After groups determine the baseline, they need to find out how each doctor's individual panel compares with baseline.
Once the group's baseline and each doctor's panel have been determined, it will be easy to see which clinicians' panels may be too large or too small (always keeping in mind the percentage of time the doctor devotes to patient care.)
If a doctor's panel is too large, Tantau suggests a number of "soft" techniques, which include closing the panel to new patients, having doctors with too many patients write a letter to their panel explaining the situation, and introducing other doctors into the group (without explicitly requesting that patients move to another doctor); or avoiding giving that doctor any spillover patients from other doctors in the group.

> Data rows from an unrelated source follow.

Lemma walk_rev g k a b : walk adj g k a b -> walk adj (fun i => g (k - i)) k b a.
Proof.
  intros [H0 [H1 W]]. split; [|split].
  - now rewrite Nat.sub_0_r.
  - now rewrite Nat.sub_diag.
  - intros i Hi. apply sym. replace (k - i) with (S (k - S i)) by lia. apply W. lia.
Qed.

Lemma dist_sym a b : d a b = d b a.
Proof.
  assert (H : forall a b, d b a <= d a b).
  { intros u v. destruct (geodesic_exists u v) as [g [Hg _]].
    exact (walk_length_ge_dist _ _ _ _ (walk_rev _ _ _ _ Hg)). }
  pose proof (H a b). pose proof (H b a). lia.
Qed.

Lemma geodesic_rev g k a b :
  geodesic adj d g k a b -> geodesic adj d (fun i => g (k - i)) k b a.
Proof. intros [Hw Hk]. split; [now apply walk_rev | now rewrite dist_sym]. Qed.

Lemma geodesic_dist_le g k a b i j :
  geodesic adj d g k a b -> i <= k -> j <= k -> d (g i) (g j) <= (i - j) + (j - i).
Proof.
  intros Hg Hi Hj. destruct (Nat.le_ge_cases i j).
  - rewrite (geodesic_dist g k a b i j Hg); lia.
  - rewrite dist_sym, (geodesic_dist g k a b j i Hg); lia.
Qed.

Lemma level_lipschitz x0 u v : d x0 u <= d x0 v + d u v.
Proof. rewrite (dist_sym u v). apply dist_triangle. Qed.

Lemma first_crossing x0 n g k z w :
  walk adj g k z w -> n <= d x0 z -> d x0 w <= n ->
  exists t, t <= k /\ d x0 (g t) = n /\ forall s, s <= t -> n <= d x0 (g s).
Proof.
  intros [W0 [W1 W]] Hz Hw.
  destruct (nat_least_witness (fun s => d x0 (g s) <= n) k ltac:(cbv beta; now rewrite W1))
    as [t [Pt Ht]].
  assert (Htk : t <= k).
  { destruct (Nat.le_gt_cases t k) as [|Hkt]; auto.
    exfalso. apply (Ht k Hkt). now rewrite W1. }
  assert (Hbefore : forall s, s < t -> n < d x0 (g s)).
  { intros s Hs. specialize (Ht s Hs). lia. }
  assert (Hn : n <= d x0 (g t)).
  { destruct t as [|t]; [now rewrite W0|].
    pose proof (Hbefore t (Nat.lt_succ_diag_r t)).
    pose proof (dist_adj _ _ (W t ltac:(lia))).
    pose proof (level_lipschitz x0 (g t) (g (S t))). lia. }
  exists t. repeat split; auto; [lia|].
  intros s Hs. destruct (Nat.eq_dec s t); [subst; lia|].
  pose proof (Hbefore s ltac:(lia)). lia.
Qed.

End Symmetric.

Lemma ball_finite (lf : locally_finite adj) x0 n : exists l, forall y, d x0 y <= n -> In y l.
Proof.
  induction n as [|n [l Hl]].
  - exists (x0 :: nil). intros y Hy. left. apply dist_eq0. lia.
  - assert (Hnb : exists L, forall u v, In u l -> adj u v -> In v L).
    { clear Hl. induction l as [|a l [L HL]].
      - exists nil. intros u v [].
      - destruct (lf a) as [La HLa]. exists (La ++ L).
        intros u v [<-|Hu] Huv; apply in_or_app; eauto. }
    destruct Hnb as [L HL]. exists (l ++ L). intros y Hy. apply in_or_app.
    destruct (le_dec (d x0 y) n); [left; auto|right].
    destruct (geodesic_exists x0 y) as [g Gg].
    pose proof (geodesic_dist_start g _ _ _ n Gg ltac:(lia)).
    destruct Gg as [[_ [G1 W]] _].
    apply (HL (g n)); [apply Hl; lia|].
    replace (d x0 y) with (S n) in G1 by lia. rewrite <- G1. apply W. lia.
Qed.

Lemma infinite_set_far_point (lf : locally_finite adj) x0 n (A : V -> Prop) :
  ~ finite_set A -> exists y, A y /\ n <= d x0 y.
Proof.
  intros Hinf. apply NNPP. intros Hno. apply Hinf.
  destruct (ball_finite lf x0 n) as [l Hl]. exists l. intros y Ay. apply Hl.
  destruct (le_lt_dec n (d x0 y)); [exfalso; eauto|lia].
Qed.

End PathMetric.

Section Hyperbolic.
Context {V : Type} {adj : V -> V -> Prop} {d : V -> V -> nat} {delta : R} {D : nat}.
Hypotheses (metric : path_metric adj d) (sym : graph_symmetric adj)
  (hyp : hyperbolic adj d delta) (D_max : forall k, (INR k <= delta)%R -> k <= D).
(* In an inverse problem, fix data $y_k$ and let $P_{k-1},Q_{k-1}\in\bar{\mathcal{P}}_k(\mathcal{X})\cap\mathcal{P}_1(\mathcal{X})$. Assume $$\frac{\mathbb{E}_{(X,X')\sim P_{k-1}\otimes Q_{k-1}}[d_{\mathcal{X}}(X,X')h(y_k,X)h(y_k,X')]}{\mathbb{E}_{X\sim P_{k-1}}[h(y_k,X)]\,\mathbb{E}_{X\sim Q_{k-1}}[h(y_k,X)]}\le\sup_{x_0\in\mathcal{X}}\Big|\mathbb{E}_{X\sim P_{k-1}}[d_{\mathcal{X}}(X,x_0)]-\mathbb{E}_{X\sim Q_{k-1}}[d_{\mathcal{X}}(X,x_0)]\Big|.$$ Then $P_k=F_k(P_{k-1})$ and $Q_k^*=F_k(Q_{k-1})$ satisfy $W_1(P_k,Q_k^* )\le W_1(P_{k-1},Q_{k-1})$.
   Context: $(\mathcal{X},d_{\mathcal{X}})$ is a Polish metric space; the likelihood $x\mapsto h(y_k,x)\ge0$ is measurable. For a Borel probability measure $\mu$ on $\mathcal{X}$, $Z_k(\mu)=\int h(y_k,x)\mu(dx)$ and $F_k\mu(dx)=h(y_k,x)\mu(dx)/Z_k(\mu)$. $\bar{\mathcal{P}}_k(\mathcal{X})=\{\mu:0<Z_k(\mu)<\infty\}$; $\mathcal{P}_1(\mathcal{X})$ is the set of probability measures with finite first moment; $W_1$ is the 1-Wasserstein distance w.r.t. $d_{\mathcal{X}}$; $P\otimes Q$ denotes the product measure. *)

From HB Require Import structures.
From mathcomp Require Import all_boot all_order all_algebra.
From mathcomp Require Import all_classical all_reals all_analysis.
Set Implicit Arguments. Unset Strict Implicit. Unset Printing Implicit Defensive.
Import Order.TTheory GRing.Theory Num.Theory.
Local Open Scope classical_set_scope.
Local Open Scope ring_scope.

Section Defs.
Context {d : measure_display} {X : measurableType d} {R : realType}.
Variable dist : X -> X -> R.

Definition is_metric : Prop :=
  [/\ forall x y, 0 <= dist x y,
      forall x y, dist x y = 0 <-> x = y,
      forall x y, dist x y = dist y x &
      forall x y z, dist x z <= dist x y + dist y z].

Definition dopen (A : set X) : Prop :=
  forall x, A x -> exists r : R, 0 < r /\ forall y, dist x y < r -> A y.

Definition is_borel_for_dist : Prop :=
  forall A : set X, measurable A <-> <<s dopen >> A.

Definition dseparable : Prop :=
  exists D : set X, countable D /\
    forall x (e : R), 0 < e -> exists y, D y /\ dist x y < e.

Definition dcomplete : Prop :=
  forall u : nat -> X,
    (forall e : R, 0 < e -> exists N, forall m n, (N <= m)%N -> (N <= n)%N ->
        dist (u m) (u n) < e) ->
    exists l, forall e : R, 0 < e -> exists N, forall n, (N <= n)%N -> dist (u n) l < e.

Definition polish_metric : Prop :=
  [/\ is_metric, is_borel_for_dist, dseparable & dcomplete].

Local Open Scope ereal_scope.

Definition finite_first_moment (mu : probability X R) : Prop :=
  exists x0, \int[mu]_x (dist x x0)%:E < +oo.

(* normalising constant Z_k(mu) for the likelihood g = h(y_k, .) *)
Definition Zk (g : X -> R) (mu : probability X R) : \bar R :=
  \int[mu]_x (g x)%:E.

Definition in_barP (g : X -> R) (mu : probability X R) : Prop :=
  0 < Zk g mu < +oo.

Definition is_Fk (g : X -> R) (mu nu : probability X R) : Prop :=
  forall A, measurable A ->
    nu A = (\int[mu]_(x in A) (g x)%:E) * ((fine (Zk g mu))^-1)%:E.

Definition is_coupling (P Q : probability X R) (pi : probability (X * X)%type R) : Prop :=
  (forall A, measurable A -> pi (fst @^-1` A) = P A) /\
  (forall A, measurable A -> pi (snd @^-1` A) = Q A).

Definition W1 (P Q : probability X R) : \bar R :=
  ereal_inf [set \int[pi]_z (dist z.1 z.2)%:E
            | pi in [set pi | is_coupling P Q pi]].

End Defs.

From HB Require Import structures.
From mathcomp Require Import all_boot all_order all_algebra.
From mathcomp Require Import all_classical all_reals all_analysis.
From mathcomp Require Import measurable_realfun lra.
Import Order.TTheory GRing.Theory Num.Theory.
Local Open Scope classical_set_scope.
Local Open Scope ring_scope.

(* The filtering step F_k reweights a measure by the density h(y_k,.)/Z_k, so
   the independent coupling P_k (x) Q_k* has transport cost exactly the
   left-hand side of the hypothesis; hence W_1(P_k, Q_k* ) is at most that
   quantity. Conversely, x |-> d(x, x0) is 1-Lipschitz, so for every coupling
   of P_{k-1} and Q_{k-1} the triangle inequality bounds
   |E_P d(., x0) - E_Q d(., x0)| by its transport cost; hence the supremum in
   the hypothesis is at most W_1(P_{k-1}, Q_{k-1}). *)

Section integral_density.
Local Open Scope ereal_scope.
Context d (T : measurableType d) (R : realType).
Variables (mu : {sigma_finite_measure set T -> \bar R})
  (nu : {finite_measure set T -> \bar R}) (G : T -> R).
Hypotheses (mG : measurable_fun setT G)
  (nuE : forall A, measurable A -> nu A = \int[mu]_(x in A) (G x)%:E).

Lemma density_dominates : nu `<< mu.
Proof.
move=> A muA B mB BA; rewrite nuE//; apply: null_set_integral => //.
- exact/measurable_EFinP/measurable_funTS.
- exact: muA.
Qed.

Lemma ae_eq_Radon_Nikodym_density :
  ae_eq mu setT (Radon_Nikodym_SigmaFinite.f nu mu) (EFin \o G).
Proof.
apply: integral_ae_eq => //.
- exact: Radon_Nikodym_SigmaFinite.f_integrable density_dominates.
- exact/measurable_EFinP.
- by move=> E _ mE; rewrite -Radon_Nikodym_SigmaFinite.f_integral ?nuE//;
    exact: density_dominates.
Qed.

Lemma integral_density (f : T -> \bar R) : (forall x, 0 <= f x) ->
  measurable_fun setT f -> \int[nu]_x f x = \int[mu]_x (f x * (G x)%:E).
Proof.
move=> f0 mf.
rewrite -(Radon_Nikodym_SigmaFinite.change_of_variables density_dominates)//.
apply: ae_eq_integral => //.
- apply: emeasurable_funM => //.
  exact: measurable_int (Radon_Nikodym_SigmaFinite.f_integrable density_dominates).
- exact/emeasurable_funM/measurable_EFinP.
- exact/ae_eqe_mul2l/ae_eq_Radon_Nikodym_density.
Qed.

End integral_density.
Arguments integral_density {d T R mu nu G}.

In more drastic cases, groups may have to resort to the harder approach of moving some patients to another doctor.
Dr. Broffman agrees that this approach may be necessary in some cases, but he says it should be used only as a last resort. "Patients do not like to feel their choice of doctor has been taken from them," he says.
Doctors whose panels are too small represent another problem.
Remediation would take the form of trying to help the doctor become more productive. But experts acknowledge that doctors have diverse practice styles.
Says Tantau: "I would never tell a doctor how [to] practice medicine. But if a doctor can only see, for example, 70% of the number of patients other doctors in the group see, the group may well consider [that doctor] a 70% full-time equivalent, possibly even when determining compensation."